# Shrimp Alfredo with Spaghetti Squash



## BrianGSDTexoma (Jan 27, 2021)

This one of my favorite low carb dishes.  I forgot was a small squash and burnt it a little.  This the best way to cook Spaghetti Squash to use as pasta. 












Cook shrimp with some blacken seasoning. 







Toss all together.







Salad.  I made this dressing and really like it.  Made with  Japanese Kewpie mayonnaise.  Move over Duke's.  This stuff really good.  Made with just the yolks. 









						Japanese Deep Roasted Sesame Salad Dressing
					

This is the dressing that actually made me enjoy green salad. Put it on cardboard and it'll be delicious! Copycat recipe of the Kewpie brand.




					hot-thai-kitchen.com


----------



## Central PA Cowboy (Jan 27, 2021)

Looks awesome, Brian!


----------



## Sowsage (Jan 27, 2021)

That looks real good Brian! We love spaghetti squash. Great replacement for Angel hair pasta when doing low carb


Brian Trommater said:


> Move over Duke's. This stuff really good. Made with just the yolks.

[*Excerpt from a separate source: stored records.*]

Lemma radii0 n x : radii n x 0.
Proof. split; [lra|]. intros y Hy; pose proof (dist_ge0 x y); lra. Qed.

Lemma radii_le1 n x t : radii n x t -> t <= 1.
Proof. intros [Ht _]; lra. Qed.

Definition radius n x := unit_sup (radii n x) (radii0 n x) (radii_le1 n x).

Lemma radius_ge0 n x : 0 <= radius n x.
Proof. apply unit_sup_ge0. Qed.

Lemma radius_pos n x : W n x -> 0 < radius n x.
Proof.
  intro Hx. destruct (hW n x Hx) as [e [He Hball]].
  apply Rlt_le_trans with (Rmin e 1); [apply Rmin_glb_lt; lra|].
  apply unit_sup_ub. pose proof (Rmin_l e 1); pose proof (Rmin_r e 1).
  split; [split; [apply Rmin_case; lra|lra]|].
  intros y Hy; apply Hball; lra.
Qed.

Lemma radius_pos_mem n x : 0 < radius n x -> W n x.
Proof.
  intro Hpos. destruct (unit_sup_approx _ _ _ 0 Hpos) as [t [[_ Ht] Ht0]].
  apply Ht. rewrite dist_refl. exact Ht0.
Qed.

Lemma radius_lipschitz n x y : radius n x - d x y <= radius n y.
Proof.
  destruct (Rle_dec (radius n x - d x y) (radius n y)) as [|Hlt]; [assumption|].
  apply Rnot_le_lt in Hlt. pose proof (radius_ge0 n y); pose proof (dist_ge0 x y).
  destruct (unit_sup_approx (radii n x) (radii0 n x) (radii_le1 n x)
              (radius n y + d x y)) as [t [[Ht01 Ht] Htgt]]; [unfold radius in *; lra|].
  enough (t - d x y <= radius n y) by lra.
  apply unit_sup_ub. split; [lra|].
  intros z Hz. apply Ht. pose proof (dist_triangle x y z). lra.
Qed.

Definition inv_radius n x := / radius n x.

Lemma inv_radius_continuous n x : 0 < radius n x -> forall e, 0 < e ->
  exists del, 0 < del /\ forall y, d x y < del -> Rabs (inv_radius n x - inv_radius n y) <= e.
Proof.
  intros Ha e He. set (a := radius n x) in *.
  exists (Rmin (a / 2) (e * a * a / 2)). split.
  { apply Rmin_glb_lt; [lra|]. assert (0 < e * a * a) by (repeat apply Rmult_lt_0_compat; auto). lra. }
  intros y Hy. pose proof (Rmin_l (a / 2) (e * a * a / 2)). pose proof (Rmin_r (a / 2) (e * a * a / 2)).
  pose proof (radius_lipschitz n x y). pose proof (radius_lipschitz n y x).
  rewrite dist_sym in H2. set (b := radius n y) in *. fold a in H1, H2.
  assert (Hb : a / 2 <= b) by lra.
  unfold inv_radius; fold a b.
  replace (/ a - / b) with ((b - a) * / (a * b)) by (field; lra).
  rewrite Rabs_mult, (Rabs_right (/ (a * b))).
  2:{ apply Rle_ge, Rlt_le, Rinv_0_lt_compat, Rmult_lt_0_compat; lra. }
  apply (Rmult_le_reg_r (a * b)); [apply Rmult_lt_0_compat; lra|].
  rewrite Rmult_assoc, Rinv_l, Rmult_1_r by (apply Rgt_not_eq, Rmult_lt_0_compat; lra).
  assert (Rabs (b - a) <= d x y) by (apply Rabs_le; split; lra).
  assert (a * (a / 2) <= a * b) by (apply Rmult_le_compat_l; lra).
  nra.
Qed.

Definition gap n x y := Rmin (inv_succ n) (Rabs (inv_radius n x - inv_radius n y)).

Lemma gap_le n x y : gap n x y <= inv_succ n.
Proof. apply Rmin_l. Qed.

Lemma gap_sym n x y : gap n x y = gap n y x.
Proof. unfold gap; rewrite Rabs_minus_sym; reflexivity. Qed.

Lemma gap_triangle n x y z : gap n x z <= gap n x y + gap n y z.
Proof.
  unfold gap. set (gx := inv_radius n x); set (gy := inv_radius n y); set (gz := inv_radius n z).
  pose proof (inv_succ_pos n). pose proof (Rabs_triang (gx - gy) (gy - gz)).
  replace (gx - gy + (gy - gz)) with (gx - gz) in H0 by ring.
  pose proof (Rabs_pos (gx - gy)); pose proof (Rabs_pos (gy - gz)).
  repeat apply Rmin_case_strong; intros; lra.
Qed.

Definition gaps x y : R -> Prop := fun t => t = 0 \/ exists n, t = gap n x y.

Lemma gaps0 x y : gaps x y 0.
Proof. left; reflexivity. Qed.

Lemma gaps_le1 x y t : gaps x y t -> t <= 1.
Proof.
  intros [->|[n ->]]; [lra|]. pose proof (gap_le n x y); pose proof (inv_succ_le1 n); lra.
Qed.

Definition sup_gap x y := unit_sup (gaps x y) (gaps0 x y) (gaps_le1 x y).

Lemma sup_gap_ge0 x y : 0 <= sup_gap x y.
Proof. apply unit_sup_ge0. Qed.

Lemma gap_le_sup_gap n x y : gap n x y <= sup_gap x y.
Proof. apply unit_sup_ub; right; exists n; reflexivity. Qed.

Lemma sup_gap_le x y c : 0 <= c -> (forall n, gap n x y <= c) -> sup_gap x y <= c.
Proof. intros Hc Hgap. apply unit_sup_least. intros t [->|[n ->]]; auto. Qed.

Lemma sup_gap_refl x : sup_gap x x = 0.
Proof.
  apply Rle_antisym; [|apply sup_gap_ge0]. apply sup_gap_le; [lra|]. intro n.
  unfold gap; rewrite Rminus_diag, Rabs_R0; apply Rmin_r.
Qed.

Lemma sup_gap_sym x y : sup_gap x y = sup_gap y x.
Proof.
  apply Rle_antisym; apply sup_gap_le; try apply sup_gap_ge0;
    intro n; rewrite gap_sym; apply gap_le_sup_gap.
Qed.

Lemma sup_gap_triangle x y z : sup_gap x z <= sup_gap x y + sup_gap y z.
Proof.
  pose proof (sup_gap_ge0 x y); pose proof (sup_gap_ge0 y z).
  apply sup_gap_le; [lra|]. intro n. pose proof (gap_triangle n x y z).
  pose proof (gap_le_sup_gap n x y); pose proof (gap_le_sup_gap n y z). lra.
Qed.

Lemma gap_continuous_upto x : (forall n, W n x) -> forall e, 0 < e -> forall N,
  exists del, 0 < del /\ forall y, d x y < del -> forall n, (n < N)%nat -> gap n x y <= e.
Proof.
  intros Hx e He N. induction N as [|N [del1 [Hdel1 Hsmall1]]].
  - exists 1; split; [lra|]. intros; lia.
  - destruct (inv_radius_continuous N x (radius_pos N x (Hx N)) e He) as [del2 [Hdel2 Hsmall2]].
    exists (Rmin del1 del2); split; [now apply Rmin_glb_lt|].
    intros y Hy n Hn. pose proof (Rmin_l del1 del2); pose proof (Rmin_r del1 del2).
    destruct (Nat.eq_dec n N) as [->|Hne].
    + eapply Rle_trans; [apply Rmin_r|]. apply Hsmall2; lra.
    + apply Hsmall1; [lra|lia].
Qed.

(* Only finitely many gaps exceed [e], the others being truncated at [inv_succ n]. *)
Lemma sup_gap_continuous x : (forall n, W n x) -> forall e, 0 < e ->
  exists del, 0 < del /\ forall y, d x y < del -> sup_gap x y <= e.
Proof.
  intros Hx e He. destruct (inv_succ_lt e He) as [N HN].
  destruct (gap_continuous_upto x Hx e He N) as [del [Hdel Hsmall]].
  exists del; split; [exact Hdel|]. intros y Hy. apply sup_gap_le; [lra|]. intro n.
  destruct (Compare_dec.le_lt_dec N n) as [HNn|HnN].
  - pose proof (gap_le n x y); pose proof (inv_succ_le _ _ HNn); lra.
  - apply Hsmall; assumption.
Qed.

Definition Gdelta y := F y /\ forall n, W n y.

Definition alexandrov_dist (u v : {y | Gdelta y}) :=
  d (proj1_sig u) (proj1_sig v) + sup_gap (proj1_sig u) (proj1_sig v).

Lemma alexandrov_dist_metric : is_metric alexandrov_dist.
Proof.
  unfold alexandrov_dist. split; [|split; [|split]].
  - intros [x hx] [y hy]; simpl. pose proof (dist_ge0 x y); pose proof (sup_gap_ge0 x y); lra.
  - intros [x hx] [y hy]; simpl. split.
    + intro H0. pose proof (dist_ge0 x y); pose proof (sup_gap_ge0 x y).
      assert (x = y) by (apply dist_eq0; lra). subst y.
      f_equal; apply proof_irrelevance.
    + intro Heq. injection Heq as ->. rewrite dist_refl, sup_gap_refl. ring.
  - intros; rewrite dist_sym, sup_gap_sym; reflexivity.
  - intros [x hx] [y hy] [z hz]; simpl.
    pose proof (dist_triangle x y z); pose proof (sup_gap_triangle x y z). lra.
Qed.

Lemma dist_le_alexandrov_dist u v : d (proj1_sig u) (proj1_sig v) <= alexandrov_dist u v.
Proof. unfold alexandrov_dist; pose proof (sup_gap_ge0 (proj1_sig u) (proj1_sig v)); lra. Qed.

Lemma alexandrov_cauchy_inv_radius_bounded n u : cauchy alexandrov_dist u ->
  exists N M, 0 < M /\ forall p, (N <= p)%nat -> inv_radius n (proj1_sig (u p)) <= M.
Proof.
  intro Hu. destruct (Hu (inv_succ n) (inv_succ_pos n)) as [N HN].
  set (x := proj1_sig (u N)). exists N, (inv_radius n x + inv_succ n). split.
  { pose proof (inv_succ_pos n). pose proof (radius_pos n x (proj2 (proj2_sig (u N)) n)).
    unfold inv_radius; pose proof (Rinv_0_lt_compat _ H0). lra. }
  intros p Hp. specialize (HN p N Hp (le_n N)). unfold alexandrov_dist in HN; fold x in HN.
  set (y := proj1_sig (u p)) in *.
  pose proof (gap_le_sup_gap n y x). pose proof (dist_ge0 y x).
  unfold gap in H. destruct (Rle_dec (inv_succ n) (Rabs (inv_radius n y - inv_radius n x))).
  - rewrite Rmin_left in H by assumption. lra.
  - pose proof (Rle_abs (inv_radius n y - inv_radius n x)). lra.
Qed.

(* Along the tail the radii stay above [/ M], and [radius] is 1-Lipschitz. *)
Lemma alexandrov_limit_mem n u l : cauchy alexandrov_dist u ->
  converges d (fun k => proj1_sig (u k)) l -> W n l.
Proof.
  intros Hu Hl. destruct (alexandrov_cauchy_inv_radius_bounded n u Hu) as [N [M [HM Hbound]]].
  pose proof (Rinv_0_lt_compat _ HM).
  destruct (Hl (/ M / 2)) as [K HK]; [lra|].
  set (p := Nat.max N K). specialize (HK p ltac:(lia)). specialize (Hbound p ltac:(lia)).
  set (x := proj1_sig (u p)) in *. pose proof (radius_pos n x (proj2 (proj2_sig (u p)) n)).
  assert (/ M <= radius n x).
  { unfold inv_radius in Hbound. rewrite <- (Rinv_inv (radius n x)).
    apply Rinv_le_contravar; [apply Rinv_0_lt_compat|]; assumption. }
  apply radius_pos_mem. pose proof (radius_lipschitz n x l). lra.
Qed.

Lemma alexandrov_dist_small (x : {y | Gdelta y}) e : 0 < e -> exists del, 0 < del /\
  forall x', d (proj1_sig x) (proj1_sig x') < del -> alexandrov_dist x x' < e.
Proof.
  intro He. destruct (sup_gap_continuous _ (proj2 (proj2_sig x)) (e / 2)) as [del [Hdel Hsmall]]; [lra|].
  exists (Rmin del (e / 2)); split; [apply Rmin_glb_lt; lra|].
  intros x' Hx'. pose proof (Rmin_l del (e / 2)); pose proof (Rmin_r del (e / 2)).
  unfold alexandrov_dist. assert (sup_gap (proj1_sig x) (proj1_sig x') <= e / 2) by (apply Hsmall; lra).
  lra.
Qed.

Lemma alexandrov_dist_complete : complete_metric alexandrov_dist.
Proof.
  intros u Hu.
  assert (Hc : cauchy d (fun k => proj1_sig (u k))).
  { intros e He. destruct (Hu e He) as [N HN]. exists N. intros m n Hm Hn.
    pose proof (dist_le_alexandrov_dist (u m) (u n)). specialize (HN m n Hm Hn). lra. }
  destruct (hcomplete _ Hc) as [l Hl].
  assert (Hlim : Gdelta l).
  { split; [|intro n; exact (alexandrov_limit_mem n u l Hu Hl)].
    apply (hF (fun k => proj1_sig (u k)) l); [intro k; exact (proj1 (proj2_sig (u k)))|exact Hl]. }
  exists (exist _ l Hlim). intros e He.
  destruct (alexandrov_dist_small (exist _ l Hlim) e He) as [del [Hdel Hsmall]].
  destruct (Hl del Hdel) as [N HN]. exists N. intros n Hn.
  destruct alexandrov_dist_metric as [_ [_ [Hsym _]]]. rewrite Hsym.
  apply Hsmall; simpl; rewrite dist_sym; exact (HN n Hn).
Qed.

All yolks???? I'm gonna have to try this stuff out for sure!!


----------



## SmokinEdge (Jan 27, 2021)

Nothing wrong with that meal. Pulling up a chairs. Nice job.


----------



## jcam222 (Jan 27, 2021)

Looks great Brian. We love spaghetti squash. That dressing is pretty unique. Going to try it.


----------



## BrianGSDTexoma (Jan 28, 2021)

jcam222 said:


> Looks great Brian. We love spaghetti squash. That dressing is pretty unique. Going to try it.


I had hard time finding a mirin without sugar.  I found one that had it as the last ingredient that was the lowest carb.


----------